**Exercise description:**
Using the records below, filter for lines that contain the string "simpl" and copy them out.

Stored entries:
(* Let $\alpha$ be a partial action datum of $M$ on $X\in\mathscr{C}$ such that the coproducts $\coprod_{m\in M}X$ and $\coprod_{(m,n)\in M\times M}\operatorname{dom}\alpha_n$ exist, and let $c\colon\coprod_{m\in M}X\to Y$ be a coequalizer of $p$ and $q$ in $\mathscr{C}$. Then for each $m\in M$ there is a unique morphism $\beta_m\colon Y\to Y$ with $\beta_m\circ c\circ u_s=c\circ u_{ms}$ for all $s\in M$, the datum $\beta(m)=[Y,\mathrm{id}_Y,\beta_m]$ is a global action of $M$ on $Y$, and $c\circ u_e\colon\alpha\to\beta$ is a reflection of $\alpha$ in $\mathrm{Act}_M(\mathscr{C})$.
   Context: Standing assumptions: $M$ is a monoid with identity $e$ and $\mathscr{C}$ is a category with pullbacks. A partial action datum of $M$ on $X$ assigns to each $m\in M$ an isomorphism class of spans $[\operatorname{dom}\alpha_m,\iota_m,\alpha_m]$ with $\iota_m\colon\operatorname{dom}\alpha_m\to X$ a monomorphism and $\alpha_m\colon\operatorname{dom}\alpha_m\to X$ (isomorphism of spans: an isomorphism of apexes commuting with both legs); representatives are fixed. A global action of $M$ on $Y$ is a datum with $\beta(m)=[Y,\mathrm{id}_Y,\beta_m]$, $\beta_e=\mathrm{id}_Y$, $\beta_n\circ\beta_m=\beta_{nm}$. Given data $\alpha$ on $X$ and $\beta$ on $Y$ with representatives $[\operatorname{dom}\alpha_m,\iota_m,\alpha_m]$, $[\operatorname{dom}\beta_m,\kappa_m,\beta_m]$, a datum morphism $\alpha\to\beta$ is a morphism $f\colon X\to Y$ such that for each $m$ there is $f_m$ with $\kappa_m\circ f_m=f\circ\iota_m$, $\beta_m\circ f_m=f\circ\alpha_m$. $\mathrm{Act}_M(\mathscr{C})$ is the category of global actions with datum morphisms. A reflection of $\alpha$ in $\mathrm{Act}_M(\mathscr{C})$ is a datum morphism $r\colon\alpha\to\beta$ with $\beta$ global such that for every datum morphism $f\colon\alpha\to\gamma$ with $\gamma$ global there is a unique datum morphism $f'\colon\beta\to\gamma$ with $f'\circ r=f$. Let $u_m\colon X\to\coprod_{m\in M}X$ and $u_{(m,n)}\colon\operatorname{dom}\alpha_n\to\coprod_{(m,n)\in M\times M}\operatorname{dom}\alpha_n$ be the coproduct inclusions, and let $p,q\colon\coprod_{(m,n)}\operatorname{dom}\alpha_n\to\coprod_{m}X$ be the unique morphisms with $p\circ u_{(m,n)}=u_{mn}\circ\iota_n$ and $q\circ u_{(m,n)}=u_m\circ\alpha_n$. *)

Set Implicit Arguments.
Unset Strict Implicit.

(* Categories, with Leibniz equality of morphisms; comp g f = g o f. *)
Record Category := {
  Obj :> Type;
  Hom : Obj -> Obj -> Type;
  idm : forall A : Obj, Hom A A;
  comp : forall {A B C : Obj}, Hom B C -> Hom A B -> Hom A C;
  comp_assoc : forall (A B C D : Obj) (h : Hom C D) (g : Hom B C) (f : Hom A B),
      comp h (comp g f) = comp (comp h g) f;
  comp_id_l : forall (A B : Obj) (f : Hom A B), comp (idm B) f = f;
  comp_id_r : forall (A B : Obj) (f : Hom A B), comp f (idm A) = f
}.
Arguments Hom {c} _ _.
Arguments idm {c} _.
Arguments comp {c A B C} _ _.

Record Monoid := {
  mcar :> Type;
  mop : mcar -> mcar -> mcar;
  munit : mcar;
  mop_assoc : forall a b c, mop a (mop b c) = mop (mop a b) c;
  mop_unit_l : forall a, mop munit a = a;
  mop_unit_r : forall a, mop a munit = a
}.
Arguments mop {m} _ _.
Arguments munit {m}.

Section Cat.
Context {C : Category}.

Definition is_mono {A B : C} (f : Hom A B) : Prop :=
  forall (Z : C) (g h : Hom Z A), comp f g = comp f h -> g = h.

Definition is_pullback {A B P Q : C} (f : Hom A Q) (g : Hom B Q)
    (p1 : Hom P A) (p2 : Hom P B) : Prop :=
  comp f p1 = comp g p2 /\
  forall (Z : C) (z1 : Hom Z A) (z2 : Hom Z B), comp f z1 = comp g z2 ->
    exists! h : Hom Z P, comp p1 h = z1 /\ comp p2 h = z2.

Definition has_pullbacks : Prop :=
  forall (A B Q : C) (f : Hom A Q) (g : Hom B Q),
    exists (P : C) (p1 : Hom P A) (p2 : Hom P B), is_pullback f g p1 p2.

Definition is_coproduct {I : Type} (F : I -> C) (P : C)
    (u : forall i, Hom (F i) P) : Prop :=
  forall (Z : C) (g : forall i, Hom (F i) Z),
    exists! h : Hom P Z, forall i, comp h (u i) = g i.

Definition is_coequalizer {A B Y : C} (p q : Hom A B) (c : Hom B Y) : Prop :=
  comp c p = comp c q /\
  forall (Z : C) (g : Hom B Z), comp g p = comp g q ->
    exists! h : Hom Y Z, comp h c = g.

End Cat.
Arguments is_coproduct {C I} F P u.
Arguments is_coequalizer {C A B Y} p q c.
Arguments is_mono {C A B} f.
Arguments has_pullbacks : clear implicits.

(* A partial action datum of M on X: for each m, a fixed representative
   span  X <-iota_m- dom alpha_m -alpha_m-> X  with iota_m mono. *)
Record PDatum (C : Category) (M : Monoid) (X : C) := {
  pdom : M -> C;
  piota : forall m, Hom (pdom m) X;
  pact : forall m, Hom (pdom m) X;
  piota_mono : forall m, is_mono (piota m)
}.
Arguments PDatum : clear implicits.
Arguments pdom {C M X} _ _.
Arguments piota {C M X} _ _.
Arguments pact {C M X} _ _.

Section Act.
Context {C : Category} {M : Monoid}.

Lemma id_is_mono (Y : C) : is_mono (idm Y).
Proof. intros Z g h E. now rewrite !comp_id_l in E. Qed.

Definition gdatum (Y : C) (beta : M -> Hom Y Y) : PDatum C M Y :=
  {| pdom := fun _ => Y; piota := fun _ => idm Y; pact := beta;
     piota_mono := fun _ => @id_is_mono Y |}.

Definition is_global_action {Y : C} (beta : M -> Hom Y Y) : Prop :=
  beta munit = idm Y /\
  forall m n : M, comp (beta n) (beta m) = beta (mop n m).

Definition datum_morphism {X Y : C} (a : PDatum C M X) (b : PDatum C M Y)
    (f : Hom X Y) : Prop :=
  forall m : M, exists fm : Hom (pdom a m) (pdom b m),
    comp (piota b m) fm = comp f (piota a m) /\
    comp (pact b m) fm = comp f (pact a m).

Definition is_reflection {X Y : C} (a : PDatum C M X) (beta : M -> Hom Y Y)
    (r : Hom X Y) : Prop :=
  is_global_action beta /\
  datum_morphism a (gdatum beta) r /\
  forall (Z : C) (gamma : M -> Hom Z Z) (f : Hom X Z),
    is_global_action gamma ->
    datum_morphism a (gdatum gamma) f ->
    exists! f' : Hom Y Z,
      datum_morphism (gdatum beta) (gdatum gamma) f' /\ comp f' r = f.

End Act.

(* The coequalizer  c  of  p, q  identifies, for all
   m, n, the two composites  u_{mn} o iota_n  and  u_m o alpha_n;  so  Y  is
   the quotient of  "M copies of X"  by exactly the relations that a global
   action extending  alpha  must satisfy. *)

From Stdlib Require Import ClassicalEpsilon.

Set Implicit Arguments.

Lemma coprod_ext {C : Category} {I : Type} {F : I -> C} {P : C}
    {u : forall i, Hom (F i) P} (H : is_coproduct F P u) {Z : C} {g h : Hom P Z} :
  (forall i, comp g (u i) = comp h (u i)) -> g = h.
Proof.
  intro E. destruct (H Z (fun i => comp h (u i))) as [k [_ Uk]].
  rewrite <- (Uk g E). apply Uk. reflexivity.
Qed.

Lemma coeq_epi {C : Category} {A B Y : C} {p q : Hom A B} {c : Hom B Y}
    (H : is_coequalizer p q c) {Z : C} {g h : Hom Y Z} :
  comp g c = comp h c -> g = h.
Proof.
  intro E. destruct H as [Hc U].
  assert (Hpq : comp (comp h c) p = comp (comp h c) q)
    by (rewrite <- !comp_assoc, Hc; reflexivity).
  destruct (U Z (comp h c) Hpq) as [k [_ Uk]].
  rewrite <- (Uk g E). apply Uk. reflexivity.
Qed.

Section DatumMorphisms.
Context {C : Category} {M : Monoid}.

(* A datum morphism into a global datum [Z, id, gamma_m] is a map  f  with
   f o alpha_m = gamma_m o f o iota_m  for every  m  (the component is forced
   to be  f o iota_m). *)
Lemma datum_morphism_to_global {X Z : C} (a : PDatum C M X)
    (gamma : M -> Hom Z Z) (f : Hom X Z) :
  datum_morphism a (gdatum gamma) f <->
  forall m, comp (gamma m) (comp f (piota a m)) = comp f (pact a m).
Proof.
  split.
  - intros Hf m. destruct (Hf m) as [fm [E1 E2]]. simpl in E1, E2.
    rewrite comp_id_l in E1. rewrite <- E1. exact E2.
  - intros Hf m. exists (comp f (piota a m)). simpl. split.
    + apply comp_id_l.
    + apply Hf.
Qed.

Lemma datum_morphism_global {Y Z : C} (beta : M -> Hom Y Y)
    (gamma : M -> Hom Z Z) (f : Hom Y Z) :
  datum_morphism (gdatum beta) (gdatum gamma) f <->
  forall m, comp f (beta m) = comp (gamma m) f.
Proof.
  rewrite datum_morphism_to_global. simpl.
  split; intros Hf m; specialize (Hf m); rewrite comp_id_r in *; auto.
Qed.

End DatumMorphisms.

Section CoequalizerReflection.
Context {C : Category} {M : Monoid} {X : C} {alpha : PDatum C M X}
  {CX : C} (u : forall m : M, Hom X CX)
  (HCX : is_coproduct (fun _ : M => X) CX u)
  {CD : C} (u2 : forall mn : M * M, Hom (pdom alpha (snd mn)) CD)
  (HCD : is_coproduct (fun mn : M * M => pdom alpha (snd mn)) CD u2)
  (p q : Hom CD CX)
  (Hp : forall m n : M, comp p (u2 (m, n)) = comp (u (mop m n)) (piota alpha n))
  (Hq : forall m n : M, comp q (u2 (m, n)) = comp (u m) (pact alpha n))
  {Y : C} (c : Hom CX Y) (Hc : is_coequalizer p q c).

Lemma coequalizes_of_relations {Z : C} (g : Hom CX Z) :
  (forall m n, comp g (comp (u (mop m n)) (piota alpha n))
               = comp g (comp (u m) (pact alpha n))) ->
  comp g p = comp g q.
Proof.
  intro Hg. apply (coprod_ext HCD). intros [m n].
  rewrite <- !comp_assoc, Hp, Hq. apply Hg.
Qed.

Lemma coeq_relation (m n : M) :
  comp c (comp (u (mop m n)) (piota alpha n)) = comp c (comp (u m) (pact alpha n)).
Proof. rewrite <- Hp, <- Hq, !comp_assoc, (proj1 Hc). reflexivity. Qed.

Lemma quotient_ext {Z : C} (g h : Hom Y Z) :
  (forall s, comp g (comp c (u s)) = comp h (comp c (u s))) -> g = h.
Proof.
  intro E. apply (coeq_epi Hc), (coprod_ext HCX). intro s.
  rewrite <- !comp_assoc. apply E.
Qed.

Lemma translation_descends (m : M) :
  exists b : Hom Y Y, forall s, comp b (comp c (u s)) = comp c (u (mop m s)).
Proof.
  destruct (HCX CX (fun s => u (mop m s))) as [sg [Hsg _]]. simpl in Hsg.
  assert (E : comp (comp c sg) p = comp (comp c sg) q).
  { apply coequalizes_of_relations. intros k n.
    rewrite <- !comp_assoc, (comp_assoc sg), (comp_assoc sg), !Hsg,
      mop_assoc. apply coeq_relation. }
  destruct (proj2 Hc Y (comp c sg) E) as [b [Hb _]]. exists b.
  intro s. rewrite comp_assoc, Hb, <- comp_assoc, Hsg. reflexivity.
Qed.

Section Translations.
Context {beta : M -> Hom Y Y}
  (Hbeta : forall m s, comp (beta m) (comp c (u s)) = comp c (u (mop m s))).

Lemma translation_unique (m : M) (b : Hom Y Y) :
  (forall s, comp b (comp c (u s)) = comp c (u (mop m s))) -> b = beta m.
Proof. intro Hb. apply quotient_ext. intro s. rewrite Hb, Hbeta. reflexivity. Qed.

Lemma translations_global : is_global_action beta.
Proof.
  split.
  - symmetry. apply translation_unique. intro s.
    rewrite comp_id_l, mop_unit_l. reflexivity.
  - intros m n. apply translation_unique. intro s.
    rewrite <- comp_assoc, !Hbeta, mop_assoc. reflexivity.
Qed.

Lemma point_as_translate (s : M) :
  comp c (u s) = comp (beta s) (comp c (u munit)).
Proof. rewrite Hbeta, mop_unit_r. reflexivity. Qed.

Lemma unit_datum_morphism : datum_morphism alpha (gdatum beta) (comp c (u munit)).
Proof.
  apply datum_morphism_to_global. intro m.
  rewrite comp_assoc, <- point_as_translate, <- !comp_assoc, <- coeq_relation,
    mop_unit_l. reflexivity.
Qed.

Lemma translations_reflection :
  is_reflection alpha beta (comp c (u munit)).
Proof.
  split; [exact translations_global|]. split; [exact unit_datum_morphism|].
  intros Z gamma f [Ge Gm] Hf. rewrite datum_morphism_to_global in Hf.
  (* the map  u_s |-> gamma_s o f  respects the relations *)
  destruct (HCX Z (fun s => comp (gamma s) f)) as [g [Hg _]]. simpl in Hg.
  assert (Eg : comp g p = comp g q).
  { apply coequalizes_of_relations. intros m n.
    rewrite !comp_assoc, !Hg, <- Gm, <- !comp_assoc, Hf. reflexivity. }
  destruct (proj2 Hc Z g Eg) as [f' [Hf'c _]].
  exists f'. split.
  - split.
    + apply datum_morphism_global. intro m. apply quotient_ext. intro s.
      rewrite <- !comp_assoc, Hbeta, !(comp_assoc f'), !Hf'c, !Hg,
        comp_assoc, Gm. reflexivity.
    + rewrite comp_assoc, Hf'c, Hg, Ge, comp_id_l. reflexivity.
  - (* an equivariant factorisation sends  c o u_s = beta_s o r  to
       gamma_s o f, as  f'  does *)
    intros f'' [Hd Hr]. rewrite datum_morphism_global in Hd.
    apply quotient_ext. intro s.
    rewrite comp_assoc, Hf'c, Hg, point_as_translate, comp_assoc, Hd,
      <- comp_assoc, Hr. reflexivity.
Qed.

End Translations.
End CoequalizerReflection.

Theorem mainTheorem11 (C : Category) (M : Monoid) (HC : has_pullbacks C)
  (X : C) (alpha : PDatum C M X)
  (CX : C) (u : forall m : M, Hom X CX)
  (HCX : is_coproduct (fun _ : M => X) CX u)
  (CD : C) (u2 : forall mn : M * M, Hom (pdom alpha (snd mn)) CD)
  (HCD : is_coproduct (fun mn : M * M => pdom alpha (snd mn)) CD u2)
  (p q : Hom CD CX)
  (Hp : forall m n : M, comp p (u2 (m, n)) = comp (u (mop m n)) (piota alpha n))
  (Hq : forall m n : M, comp q (u2 (m, n)) = comp (u m) (pact alpha n))
  (Y : C) (c : Hom CX Y) (Hc : is_coequalizer p q c) :
  exists beta : M -> Hom Y Y,
    (forall m s : M, comp (beta m) (comp c (u s)) = comp c (u (mop m s))) /\
    (forall (m : M) (b : Hom Y Y),
        (forall s : M, comp b (comp c (u s)) = comp c (u (mop m s))) -> b = beta m) /\
    is_global_action beta /\
    is_reflection alpha beta (comp c (u munit)).
Proof.
  destruct (choice _ (translation_descends HCX HCD Hp Hq Hc)) as [beta Hbeta].
  exists beta. split; [exact Hbeta|].
  split; [exact (translation_unique HCX Hc Hbeta)|].
  split; [exact (translations_global HCX Hc Hbeta)|].
  exact (translations_reflection HCX HCD Hp Hq Hc Hbeta).
Qed.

**Answer box:**
  - intros Hf m. destruct (Hf m) as [fm [E1 E2]]. simpl in E1, E2.
  - intros Hf m. exists (comp f (piota a m)). simpl. split.
  rewrite datum_morphism_to_global. simpl.
  destruct (HCX CX (fun s => u (mop m s))) as [sg [Hsg _]]. simpl in Hsg.
  destruct (HCX Z (fun s => comp (gamma s) f)) as [g [Hg _]]. simpl in Hg.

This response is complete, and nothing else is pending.